PEDIATRICS Vol. 107 No. 6 June 2001, pp. 1419-1420

COMMENTARY:
Lung Transplantation and Cystic Fibrosis: The Psychosocial Toll

Lung and heart-lung transplantation have been available as treatment options for cystic fibrosis (CF) since the mid-1980s.^1-3 The last decade has seen progress in the understanding of complications such as rejection as well as improvements in surgical and anesthetic techniques that expand the number of CF patients for whom transplantation is an option. As clinical problems such as airway colonization with antibiotic-resistant organisms, sinus disease, and malnutrition yield to continuing research, the potential CF transplant population will increase further. Although it is clear that lung transplantation is of great benefit to some patients with CF, it is also clear that transplantation comes with psychological, social, medical, and financial costs that are different from the burden experienced by patients, families, and CF caregivers in the pretransplant period. Each of the changes from CF patient to CF patient awaiting transplant to CF patient with lung transplant necessitates major alterations in attitudes toward CF care by patients, families, and caregivers. These in turn may result in uncertainty in the areas of control of patient care and continuity. Indeed, our experience leads us to believe that for some CF patients the psychosocial price paid for transplantation coupled with the risks inherent in transplantation together outweigh the potential benefit of the procedure.
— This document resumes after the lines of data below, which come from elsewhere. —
(* Let $n\ge 1$, $b\in\mathbb{R}^n$, and let $A\in\mathbb{R}^{n\times n}$ be symmetric with all eigenvalues $\lambda_i$ satisfying $0<\lambda_i<2$, $i=1,\dots,n$. Define $g(x)=x-(Ax-b)$ and $f(x)=g(x)-x=-(Ax-b)$. Let $\bar x_k\in\mathbb{R}^n$, $\bar d_k\in\mathbb{R}^n\setminus\{0\}$ and $\beta_k\in\mathbb{R}$ be arbitrary, and set $$x_{k+1}=\bar x_k+\beta_k\bar d_k,\qquad \hat\beta_k=\frac{\langle \bar d_k,\,g(x_{k+1})-\bar x_k\rangle}{\|\bar d_k\|^2},\qquad \hat x_{k+1}=\bar x_k+\hat\beta_k\bar d_k.$$ Then $$\|f(\hat x_{k+1})\|_{A^{-1}}\le \|f(x_{k+1})\|_{A^{-1}},$$ where $\|x\|_{A^{-1}}=\sqrt{x^\intercal A^{-1}x}$.
   Context: $\|\cdot\|$ denotes the Euclidean norm on $\mathbb{R}^n$ and $\langle x,y\rangle=x^\intercal y$ the standard inner product. Since $A$ is symmetric positive definite, $\|x\|_{A^{-1}}=\sqrt{x^\intercal A^{-1}x}$ is a norm. In the paper, $\bar x_k$ and $\bar d_k=\bar y_k-\bar x_k$ arise from an Anderson acceleration step, and $\hat\beta_k$ is the value of $\beta$ minimizing $\|\bar x_k+\beta\bar d_k-g(x_{k+1})\|$. *)

From HB Require Import structures.
From mathcomp Require Import all_boot all_order all_algebra.
Set Implicit Arguments. Unset Strict Implicit. Unset Printing Implicit Defensive.
Import Order.TTheory GRing.Theory Num.Theory.
Local Open Scope ring_scope.

Definition dotv (R : ringType) (n : nat) (x y : 'cV[R]_n) : R := (x^T *m y) 0 0.

Definition sqnorm (R : ringType) (n : nat) (x : 'cV[R]_n) : R := dotv x x.

Definition normAinv (R : rcfType) (n : nat) (A : 'M[R]_n) (x : 'cV[R]_n) : R :=
  Num.sqrt (dotv x (invmx A *m x)).

Definition gmap (R : ringType) (n : nat) (A : 'M[R]_n) (b x : 'cV[R]_n) : 'cV[R]_n :=
  x - (A *m x - b).
Definition fmap (R : ringType) (n : nat) (A : 'M[R]_n) (b x : 'cV[R]_n) : 'cV[R]_n :=
  gmap A b x - x.

From HB Require Import structures.
From mathcomp Require Import all_boot all_order all_algebra.
From mathcomp Require Import sesquilinear spectral complex.
From mathcomp Require Import ring.
Set Implicit Arguments.
Unset Strict Implicit.
Unset Printing Implicit Defensive.
Import Order.TTheory GRing.Theory Num.Theory.
Local Open Scope ring_scope.

(* Along the line [xbar + t dbar] the residual is affine, [f = r - t A dbar], so
   [q t := |f|^2_{A^-1} = c - 2 t p + t^2 a] with [p = <dbar, r>] and
   [a = <dbar, A dbar>].  The projected step satisfies
   [betahat s = beta s + p - beta a] where [s = |dbar|^2], whence
   [q beta - q betahat = (betahat - beta)^2 (2 s - a)], which is nonnegative
   because the eigenvalues of [A] are below [2].  That Rayleigh bound comes from
   the spectral theorem applied to [A] viewed as a complex hermitian matrix. *)

Section Dot.
Variables (R : comNzRingType) (n : nat).
Implicit Types (x y z : 'cV[R]_n).

Lemma dotvDr x y z : dotv x (y + z) = dotv x y + dotv x z.
Proof. by rewrite /dotv mulmxDr mxE. Qed.

Lemma dotvDl x y z : dotv (y + z) x = dotv y x + dotv z x.
Proof. by rewrite /dotv linearD /= mulmxDl mxE. Qed.

Lemma dotvZr a x y : dotv x (a *: y) = a * dotv x y.
Proof. by rewrite /dotv -scalemxAr mxE. Qed.

Lemma dotvZl a x y : dotv (a *: x) y = a * dotv x y.
Proof. by rewrite /dotv linearZ /= -scalemxAl mxE. Qed.

Lemma dotvNr x y : dotv x (- y) = - dotv x y.
Proof. by rewrite -scaleN1r dotvZr mulN1r. Qed.

Lemma dotvNl x y : dotv (- x) y = - dotv x y.
Proof. by rewrite -scaleN1r dotvZl mulN1r. Qed.

Lemma dotvC x y : dotv x y = dotv y x.
Proof. by rewrite /dotv -[x^T *m y]trmxK trmx_mul trmxK mxE. Qed.

Lemma dotv_mulmxl (M : 'M[R]_n) x y : dotv (M *m x) y = dotv x (M^T *m y).
Proof. by rewrite /dotv trmx_mul mulmxA. Qed.

Lemma dotv_map (S : comNzRingType) (f : {rmorphism R -> S}) x y :
  f (dotv x y) = dotv (map_mx f x) (map_mx f y).
Proof.
rewrite /dotv !mxE rmorph_sum; apply: eq_bigr => k _.
by rewrite !mxE rmorphM.
Qed.

End Dot.

Lemma sqnorm_gt0 (R : realDomainType) n (d : 'cV[R]_n) : d != 0 -> 0 < sqnorm d.
Proof.
have sq_ge0 i : 0 <= d^T 0 i * d i 0 by rewrite mxE -expr2 sqr_ge0.
move=> d_neq0; rewrite /sqnorm /dotv mxE lt_def sumr_ge0 // andbT.
apply: contra d_neq0 => /eqP /(psumr_eq0P (fun i _ => sq_ge0 i)) d0.
apply/eqP/matrixP => i j; rewrite (ord1 j) mxE.
by have /eqP := d0 i isT; rewrite mxE -expr2 sqrf_eq0 => /eqP.
Qed.

Lemma unitmx_eigenvalue0 (F : fieldType) n (A : 'M[F]_n) :
  ~~ eigenvalue A 0 -> A \in unitmx.
Proof.
by rewrite -row_free_unit -kermx_eq0 /eigenvalue /eigenspace raddf0 subr0 negbK.
Qed.

Local Open Scope sesquilinear_scope.

Section NormalForm.
Variables (C : numClosedFieldType) (n : nat) (A : 'M[C]_n).
Hypothesis A_normal : A \is normalmx.
Local Notation P := (spectralmx A).
Local Notation D := (spectral_diag A).

Lemma eigenvalue_spectral_diag i : eigenvalue A (D 0 i).
Proof.
have P_unit := spectral_unit A.
apply/eigenvalueP; exists (row i P).
  rewrite -row_mul [X in P *m X](orthomx_spectralP A_normal) !mulmxA mulmxV // mul1mx.
  by rewrite mul_diag_mx; apply/rowP => j; rewrite !mxE.
rewrite rowE mulmx_free_eq0 ?row_free_unit //.
by apply/eqP => /matrixP/(_ 0 i); rewrite !mxE !eqxx /= => /eqP; rewrite oner_eq0.
Qed.

(* In the eigenbasis [w := P v] both forms are diagonal, with weights [D 0 i] and [1]. *)
Lemma normalmx_form_le (mu : C) (v : 'cV[C]_n) :
  (forall i, D 0 i <= mu) -> (v^t* *m A *m v) 0 0 <= mu * (v^t* *m v) 0 0.
Proof.
move=> D_le; have P_unitary := spectral_unitarymx A.
pose w := P *m v.
have wE : v^t* = w^t* *m P by rewrite trmx_mul map_mxM mulmxKtV.
rewrite [in X in X <= _](orthomx_spectralP A_normal) invmx_unitary // wE.
rewrite !mulmxA mulmxtVK // -!mulmxA -/w mul_diag_mx !mxE mulr_sumr.
apply: ler_sum => i _; rewrite !mxE.
rewrite mulrCA -subr_ge0 -mulrBl mulr_ge0 ?subr_ge0 //.
by rewrite mulrC mul_conjC_ge0.
Qed.

End NormalForm.

Section RealSymmetric.
Variables (R : rcfType) (n : nat) (A : 'M[R]_n) (mu : R).
Hypothesis A_sym : A^T = A.
Hypothesis eig_le : forall a : R, eigenvalue A a -> a <= mu.
Local Notation toC := (real_complex R).
Local Notation Ac := (map_mx toC A).

Lemma trmxC_map_real_complex m p (M : 'M[R]_(m, p)) :
  (map_mx toC M)^t* = (map_mx toC M)^T.
Proof.
by apply/matrixP => i j; rewrite !mxE conj_Creal //; apply/complex_realP; exists (M j i).
Qed.

Lemma hermsym_map_real_complex : Ac \is hermsymmx.
Proof.
apply: realsym_hermsym.
  rewrite is_hermitianmxE expr0 scale1r; apply/eqP/matrixP => i j.
  by rewrite !mxE /= -{1}A_sym mxE.
by apply/mxOverP => i j; rewrite mxE; apply/complex_realP; exists (A i j).
Qed.

Lemma spectral_diag_map_le i : spectral_diag Ac 0 i <= toC mu.
Proof.
have A_herm := hermsym_map_real_complex.
have [k Dk] : exists k, spectral_diag Ac 0 i = toC k.
  by apply/complex_realP; move/mxOverP: (hermitian_spectral_diag_real A_herm); apply.
have := eigenvalue_spectral_diag (hermitian_normalmx A_herm) i.
by rewrite Dk eigenvalue_map lecR => /eig_le.
Qed.

Lemma realsym_form_le (d : 'cV[R]_n) : dotv d (A *m d) <= mu * sqnorm d.
Proof.
have := normalmx_form_le (hermitian_normalmx hermsym_map_real_complex)
  (map_mx toC d) spectral_diag_map_le.
by rewrite trmxC_map_real_complex -mulmxA -lecR rmorphM /sqnorm !dotv_map map_mxM.
Qed.

End RealSymmetric.

Section Residual.
Variables (R : comNzRingType) (n : nat) (A : 'M[R]_n) (b : 'cV[R]_n).

Lemma fmapE x : fmap A b x = b - A *m x.
Proof. by rewrite /fmap /gmap addrAC subrr add0r opprB. Qed.

Lemma fmap_line x d t : fmap A b (x + t *: d) = fmap A b x - t *: (A *m d).
Proof. by rewrite !fmapE mulmxDr -scalemxAr opprD addrA. Qed.

Lemma dotv_gmap_line x d t :
  dotv d (gmap A b (x + t *: d) - x)
  = t * sqnorm d + dotv d (fmap A b x) - t * dotv d (A *m d).
Proof.
have -> : gmap A b (x + t *: d) - x = t *: d + fmap A b (x + t *: d).
  by rewrite /fmap [RHS]addrC opprD addrA subrK.
by rewrite fmap_line dotvDr dotvDr dotvNr !dotvZr addrA.
Qed.

End Residual.

Lemma dotv_invmx_line (F : fieldType) n (A : 'M[F]_n) (r d : 'cV[F]_n) t :
  A^T = A -> A \in unitmx ->
  dotv (r - t *: (A *m d)) (invmx A *m (r - t *: (A *m d)))
  = dotv r (invmx A *m r) - 2 * t * dotv d r + t ^+ 2 * dotv d (A *m d).
Proof.
move=> A_sym A_unit.
rewrite mulmxBr -scalemxAr mulKmx // dotvDl !dotvNl !dotvDr !dotvNr !dotvZl !dotvZr.
rewrite dotv_mulmxl A_sym mulKVmx // (dotvC r d) (dotvC (A *m d) d).
ring.
Qed.

(* With [p = (t' - t) s + t a], the decrease is [(t' - t)^2 (2 s - a)]. *)
Lemma quadratic_step_le (R : realDomainType) (c p a s t t' : R) :
  a <= 2 * s -> t' * s = t * s + p - t * a ->
  c - 2 * t' * p + t' ^+ 2 * a <= c - 2 * t * p + t ^+ 2 * a.
Proof.
move=> a_le t'E; rewrite -subr_ge0.
have pE : p = (t' - t) * s + t * a by rewrite mulrBl t'E; ring.
have -> : c - 2 * t * p + t ^+ 2 * a - (c - 2 * t' * p + t' ^+ 2 * a)
    = (t' - t) ^+ 2 * (2 * s - a) by rewrite pE; ring.
by rewrite mulr_ge0 ?sqr_ge0 ?subr_ge0.
Qed.

Theorem theorem2 (R : rcfType) (n : nat) (hn : (1 <= n)%N)
  (A : 'M[R]_n) (b : 'cV[R]_n)
  (hsym : A^T = A)
  (heig : forall a : R, eigenvalue A a -> 0 < a < 2)
  (xbar dbar : 'cV[R]_n) (hd : dbar != 0) (beta : R) :
  let x1 := xbar + beta *: dbar in
  let betahat := dotv dbar (gmap A b x1 - xbar) / sqnorm dbar in
  let xhat := xbar + betahat *: dbar in
  normAinv A (fmap A b xhat) <= normAinv A (fmap A b x1).
Proof.
cbv zeta.
have A_unit : A \in unitmx.
  by apply: unitmx_eigenvalue0; apply/negP => /heig; rewrite ltxx.
have form_le := realsym_form_le hsym (fun a Aa => ltW (andP (heig a Aa)).2) dbar.
rewrite /normAinv !fmap_line !dotv_invmx_line //.
apply/ler_wsqrtr/(quadratic_step_le _ form_le).
by rewrite dotv_gmap_line mulfVK // gt_eqF ?sqnorm_gt0.
Qed.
Patients and families often have the idea that transplantation is uniformly effective and carries a relatively low risk of significant complications, neither of which is the case.^3-5 In discussing lung transplantation, Trulock⁶ has stated, "Lung transplantation is a treatment, not a cure, and it is not a panacea." A common maxim among transplantation physicians is "Transplantation involves trading one disease for another." For CF, however, a more correct saying might be "Lung transplantation for CF involves trading part of one disease for an entire second disease." One trades the lung disease of CF for the entirety of potential complications inherent in lung transplantation, complications ranging from surgical to infectious to drug-related.⁷ Even after lung transplantation, the nonpulmonary manifestations of CF such as electrolyte abnormalities, pancreatic insufficiency, and risk of bowel obstruction will remain. The proximal, nontransplanted, respiratory tract including the sinuses and native trachea can harbor microorganisms that can in turn infect the transplanted lung.

In their eagerness to embrace a potential solution to the unrelenting progression of CF lung disease, families and patients may adopt unrealistic expectations of the procedure as they naively accept or ignore the risks of transplantation. If the posttransplant course is complicated, the consequences of this mind-set on the part of the family may include anger directed at CF and transplant physicians, guilt, or both. The difficulty of predicting outcome after transplantation coupled with an often unrealistic expectation of the procedure leads us to question the possibility of truly informed consent for lung transplantation in this population. This may be especially true for children with CF, who may comprehend little of the significance of the choices they and their parents make.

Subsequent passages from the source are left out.